What this task involves
Only these lines of the data below are wanted: the one with "Hypotheses (j0_in : j0", the one with "rewrite /witness_u /witness_alpha;", and any lines between them, each repeated exactly.

Provided material
(* In the setting described in the context, suppose there exist $\hat{i}\in I$ and $j\in J_{\hat{i}}$ with $\hat{x}_j\neq0$. Then RLO-IU-SD is feasible if and only if $\sum_{j\in J}a_{ij}\hat{x}_j\ge b_i$ for all $i\in I$.
   Context: Let $I=\{1,\dots,m\}$, $J=\{1,\dots,n\}$. Given are $a_{ij}\in\mathbb{R}$, $b\in\mathbb{R}^m$, nonempty index sets $J_i\subseteq J$ ($i\in I$), an observed point $\hat{x}\in\mathbb{R}^n$, prior vectors $\hat{\alpha}_i\in\mathbb{R}^{|J_i|}$, real weights $\xi_i$ ($i\in I$), and a norm $\|\cdot\|$. The problem RLO-IU-SD is \[ \min_{\alpha,c,u,\pi,\lambda,\mu}\ \sum_{i\in I}\xi_i\|\alpha_i-\hat{\alpha}_i\| \] subject to: $\sum_{j\in J}c_j\hat{x}_j-\sum_{i\in I}b_i\pi_i=0$; $\alpha_{ij}\hat{x}_j+u_{ij}\ge0$ and $-\alpha_{ij}\hat{x}_j+u_{ij}\ge0$ for all $j\in J_i,i\in I$; $\sum_{j\in J}a_{ij}\hat{x}_j-\sum_{j\in J_i}u_{ij}\ge b_i$ for all $i\in I$; $\alpha_{ij}\ge0$ for all $j\in J_i,i\in I$; $\sum_{i\in I}\pi_i=1$; $\sum_{i\in I}a_{ij}\pi_i+\sum_{i\in I:j\in J_i}\alpha_{ij}(\lambda_{ij}-\mu_{ij})=c_j$ for all $j\in J$; $\pi_i=\lambda_{ij}+\mu_{ij}$ for all $j\in J_i,i\in I$; $\pi_i,\lambda_{ij},\mu_{ij}\ge0$ for all $j\in J_i,i\in I$. Here $\alpha_i=(\alpha_{ij})_{j\in J_i}$, $c\in\mathbb{R}^n$, $\pi\in\mathbb{R}^m$. *)

From mathcomp Require Import all_boot all_order all_algebra.
From mathcomp Require Import reals.
Set Implicit Arguments. Unset Strict Implicit. Unset Printing Implicit Defensive.
Import Order.TTheory GRing.Theory Num.Theory.
Local Open Scope ring_scope.

(* I = 'I_m, J = 'I_n, J_i = Js i : {set 'I_n}.
   Variables alpha_ij, u_ij, lambda_ij, mu_ij (j in J_i) are represented by
   functions 'I_m -> 'I_n -> R, of which only the entries with j \in Js i
   are constrained / meaningful. *)

Definition RLO_IU_SD_constraints (R : realType) (m n : nat)
    (a : 'I_m -> 'I_n -> R) (b : 'I_m -> R) (Js : 'I_m -> {set 'I_n})
    (xhat : 'I_n -> R)
    (alpha : 'I_m -> 'I_n -> R) (c : 'I_n -> R) (u : 'I_m -> 'I_n -> R)
    (pi : 'I_m -> R) (lambda mu : 'I_m -> 'I_n -> R) : Prop :=
  (\sum_(j < n) c j * xhat j - \sum_(i < m) b i * pi i = 0) /\
      (forall i j, j \in Js i -> alpha i j * xhat j + u i j >= 0) /\
      (forall i j, j \in Js i -> - (alpha i j * xhat j) + u i j >= 0) /\
      (forall i, \sum_(j < n) a i j * xhat j - \sum_(j in Js i) u i j >= b i) /\
      (forall i j, j \in Js i -> alpha i j >= 0) /\
      \sum_(i < m) pi i = 1 /\
      (forall j, \sum_(i < m) a i j * pi i
                 + \sum_(i < m | j \in Js i) alpha i j * (lambda i j - mu i j)
                 = c j) /\
      (forall i j, j \in Js i -> pi i = lambda i j + mu i j) /\
      (forall i, pi i >= 0) /\
      (forall i j, j \in Js i -> lambda i j >= 0 /\ mu i j >= 0).

Definition RLO_IU_SD_feasible (R : realType) (m n : nat)
    (a : 'I_m -> 'I_n -> R) (b : 'I_m -> R) (Js : 'I_m -> {set 'I_n})
    (xhat : 'I_n -> R) : Prop :=
  exists alpha c u pi lambda mu,
    RLO_IU_SD_constraints a b Js xhat alpha c u pi lambda mu.

From mathcomp Require Import all_boot all_order all_algebra.
From mathcomp Require Import reals.
From mathcomp Require Import ring lra.
Import Order.TTheory GRing.Theory Num.Theory.
Local Open Scope ring_scope.

(* The two constraints alpha x + u >= 0 and -(alpha x) + u >= 0 force
   u >= |alpha x| >= 0, so every feasible point satisfies the nominal
   constraints a_i x >= b_i.  Conversely, the slack s of a nominal constraint
   i^ is absorbed by putting all dual weight pi on i^ and a single uncertainty
   radius alpha = s / |x_j| on a coordinate j of J_i^ with x_j <> 0; taking
   lambda - mu = - sg x_j, the dual term alpha (lambda - mu) x_j equals -s and
   closes the duality gap. *)

Lemma sum_delta (R : pzSemiRingType) (I : finType) (P : pred I) (k : I)
    (F : I -> R) :
  P k -> \sum_(i | P i) F i * (i == k)%:R = F k.
Proof.
move=> Pk; rewrite (bigD1 k) //= eqxx mulr1 big1 ?addr0 // => i /andP[_ ne].
by rewrite (negbTE ne) mulr0.
Qed.

Lemma RLO_IU_SD_constraints_nominal (R : realType) (m n : nat)
    (a : 'I_m -> 'I_n -> R) (b : 'I_m -> R) (Js : 'I_m -> {set 'I_n})
    (xhat : 'I_n -> R) alpha c u pi lambda mu :
  RLO_IU_SD_constraints a b Js xhat alpha c u pi lambda mu ->
  forall i, b i <= \sum_(j < n) a i j * xhat j.
Proof.
move=> [_ [upper [lower [robust _]]]] i.
apply: le_trans (robust i) _; rewrite lerBlDr lerDl.
apply: sumr_ge0 => j jJ.
by have := upper i j jJ; have := lower i j jJ; lra.
Qed.

Section Witness.

Context {R : realType} {m n : nat} {a : 'I_m -> 'I_n -> R} {b : 'I_m -> R}.
Context {Js : 'I_m -> {set 'I_n}} {xhat : 'I_n -> R} {ih : 'I_m} {j0 : 'I_n}.
Hypotheses (j0_in : j0 \in Js ih) (xj0_neq0 : xhat j0 != 0).
Hypothesis nominal : forall i, b i <= \sum_(j < n) a i j * xhat j.

Definition witness_slack := \sum_(j < n) a ih j * xhat j - b ih.
Definition witness_radius := witness_slack / `|xhat j0|.
Definition witness_sign := Num.sg (xhat j0).

Definition witness_pi (i : 'I_m) : R := (i == ih)%:R.
Definition witness_alpha i j :=
  if (i == ih) && (j == j0) then witness_radius else 0.
Definition witness_u i j := witness_alpha i j * `|xhat j|.
Definition witness_lambda i (j : 'I_n) := witness_pi i * (1 - witness_sign) / 2.
Definition witness_mu i (j : 'I_n) := witness_pi i * (1 + witness_sign) / 2.
Definition witness_c j :=
  a ih j - (j == j0)%:R * (witness_radius * witness_sign).

Lemma witness_radius_ge0 : 0 <= witness_radius.
Proof. by rewrite divr_ge0 // subr_ge0. Qed.

Lemma witness_alpha_ge0 i j : 0 <= witness_alpha i j.
Proof. by rewrite /witness_alpha; case: ifP => // _; exact: witness_radius_ge0. Qed.

Lemma witness_pi_ge0 i : 0 <= witness_pi i.
Proof. exact: ler0n. Qed.

Lemma witness_sign_bound : -1 <= witness_sign <= 1.
Proof. by rewrite -ler_norml normr_sg; case: (_ != 0). Qed.

Lemma sum_witness_pi (F : 'I_m -> R) : \sum_(i < m) F i * witness_pi i = F ih.
Proof. exact: sum_delta. Qed.

Lemma sum_witness_u i :
  \sum_(j in Js i) witness_u i j = (i == ih)%:R * witness_slack.
Proof.
rewrite /witness_u /witness_alpha; have [->|ne] := eqVneq i ih; last first.
  by rewrite mul0r big1 // => j _; rewrite mul0r.
rewrite (bigD1 j0) //= big1 => [|j /andP[_ /negbTE ->]]; last by rewrite mul0r.
by rewrite eqxx addr0 mul1r divfK // normr_eq0.
Qed.

Lemma witness_duality_gap :
  \sum_(j < n) witness_c j * xhat j - \sum_(i < m) b i * witness_pi i = 0.
Proof.
rewrite sum_witness_pi /witness_c.
under eq_bigr => j _ do rewrite mulrBl [_%:R * _]mulrC [X in _ - X]mulrAC.
rewrite sumrB (@sum_delta _ _ xpredT) // -mulrA -normrEsg.
by rewrite divfK ?normr_eq0 // /witness_slack; ring.
Qed.

Lemma witness_stationarity j :
  \sum_(i < m) a i j * witness_pi i
  + \sum_(i < m | j \in Js i)
      witness_alpha i j * (witness_lambda i j - witness_mu i j)
  = witness_c j.
Proof.
rewrite sum_witness_pi /witness_c /witness_alpha.
have [->|ne] := eqVneq j j0; last first.
  by rewrite big1 => [|i _]; rewrite ?andbF ?mul0r ?subr0 ?addr0.
rewrite (bigD1 ih) //= big1 => [|i /andP[_ /negbTE ->]] //; last exact: mul0r.
rewrite /witness_lambda /witness_mu /witness_pi !eqxx /= addr0 !mul1r.
by field.
Qed.

Lemma witness_constraints :
  RLO_IU_SD_constraints a b Js xhat witness_alpha witness_c witness_u
    witness_pi witness_lambda witness_mu.
Proof.
have alpha_abs i j :
    - witness_u i j <= witness_alpha i j * xhat j <= witness_u i j.
  by rewrite -ler_norml normrM ger0_norm // witness_alpha_ge0.
have sign := witness_sign_bound.
split; first exact: witness_duality_gap.
split; first by move=> i j _; have /andP[] := alpha_abs i j; lra.
split; first by move=> i j _; have /andP[] := alpha_abs i j; lra.
split.
  move=> i; rewrite sum_witness_u; have [->|ne] := eqVneq i ih.
    by rewrite mul1r /witness_slack opprB addrC subrK.
  by rewrite mul0r subr0.
split; first by move=> i j _; exact: witness_alpha_ge0.
split.
  by rewrite -(sum_witness_pi (fun=> 1)); apply: eq_bigr => i _; rewrite mul1r.
split; first exact: witness_stationarity.
split; first by move=> i j _; rewrite /witness_lambda /witness_mu; field.
split; first exact: witness_pi_ge0.
move=> i j _; rewrite /witness_lambda /witness_mu.
by split; apply: divr_ge0; rewrite ?mulr_ge0 ?witness_pi_ge0 //; lra.
Qed.

End Witness.

Theorem proposition3 (R : realType) (m n : nat)
    (a : 'I_m -> 'I_n -> R) (b : 'I_m -> R) (Js : 'I_m -> {set 'I_n})
    (xhat : 'I_n -> R)
    (hJs : forall i, Js i != set0)
    (hx : exists (ihat : 'I_m) (j : 'I_n), j \in Js ihat /\ xhat j != 0) :
  RLO_IU_SD_feasible a b Js xhat <->
  (forall i : 'I_m, \sum_(j < n) a i j * xhat j >= b i).
Proof.
split=> [[alpha [c [u [pi [lambda [mu feasible]]]]]] | nominal].
  exact: RLO_IU_SD_constraints_nominal feasible.
have [ih [j0 [j0_in xj0_neq0]]] := hx.
by do 6 eexists; exact: witness_constraints j0_in xj0_neq0 nominal.
Qed.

Answer to the problem
Hypotheses (j0_in : j0 \in Js ih) (xj0_neq0 : xhat j0 != 0).
Hypothesis nominal : forall i, b i <= \sum_(j < n) a i j * xhat j.

Definition witness_slack := \sum_(j < n) a ih j * xhat j - b ih.
Definition witness_radius := witness_slack / `|xhat j0|.
Definition witness_sign := Num.sg (xhat j0).

Definition witness_pi (i : 'I_m) : R := (i == ih)%:R.
Definition witness_alpha i j :=
  if (i == ih) && (j == j0) then witness_radius else 0.
Definition witness_u i j := witness_alpha i j * `|xhat j|.
Definition witness_lambda i (j : 'I_n) := witness_pi i * (1 - witness_sign) / 2.
Definition witness_mu i (j : 'I_n) := witness_pi i * (1 + witness_sign) / 2.
Definition witness_c j :=
  a ih j - (j == j0)%:R * (witness_radius * witness_sign).

Lemma witness_radius_ge0 : 0 <= witness_radius.
Proof. by rewrite divr_ge0 // subr_ge0. Qed.

Lemma witness_alpha_ge0 i j : 0 <= witness_alpha i j.
Proof. by rewrite /witness_alpha; case: ifP => // _; exact: witness_radius_ge0. Qed.

Lemma witness_pi_ge0 i : 0 <= witness_pi i.
Proof. exact: ler0n. Qed.

Lemma witness_sign_bound : -1 <= witness_sign <= 1.
Proof. by rewrite -ler_norml normr_sg; case: (_ != 0). Qed.

Lemma sum_witness_pi (F : 'I_m -> R) : \sum_(i < m) F i * witness_pi i = F ih.
Proof. exact: sum_delta. Qed.

Lemma sum_witness_u i :
  \sum_(j in Js i) witness_u i j = (i == ih)%:R * witness_slack.
Proof.
rewrite /witness_u /witness_alpha; have [->|ne] := eqVneq i ih; last first.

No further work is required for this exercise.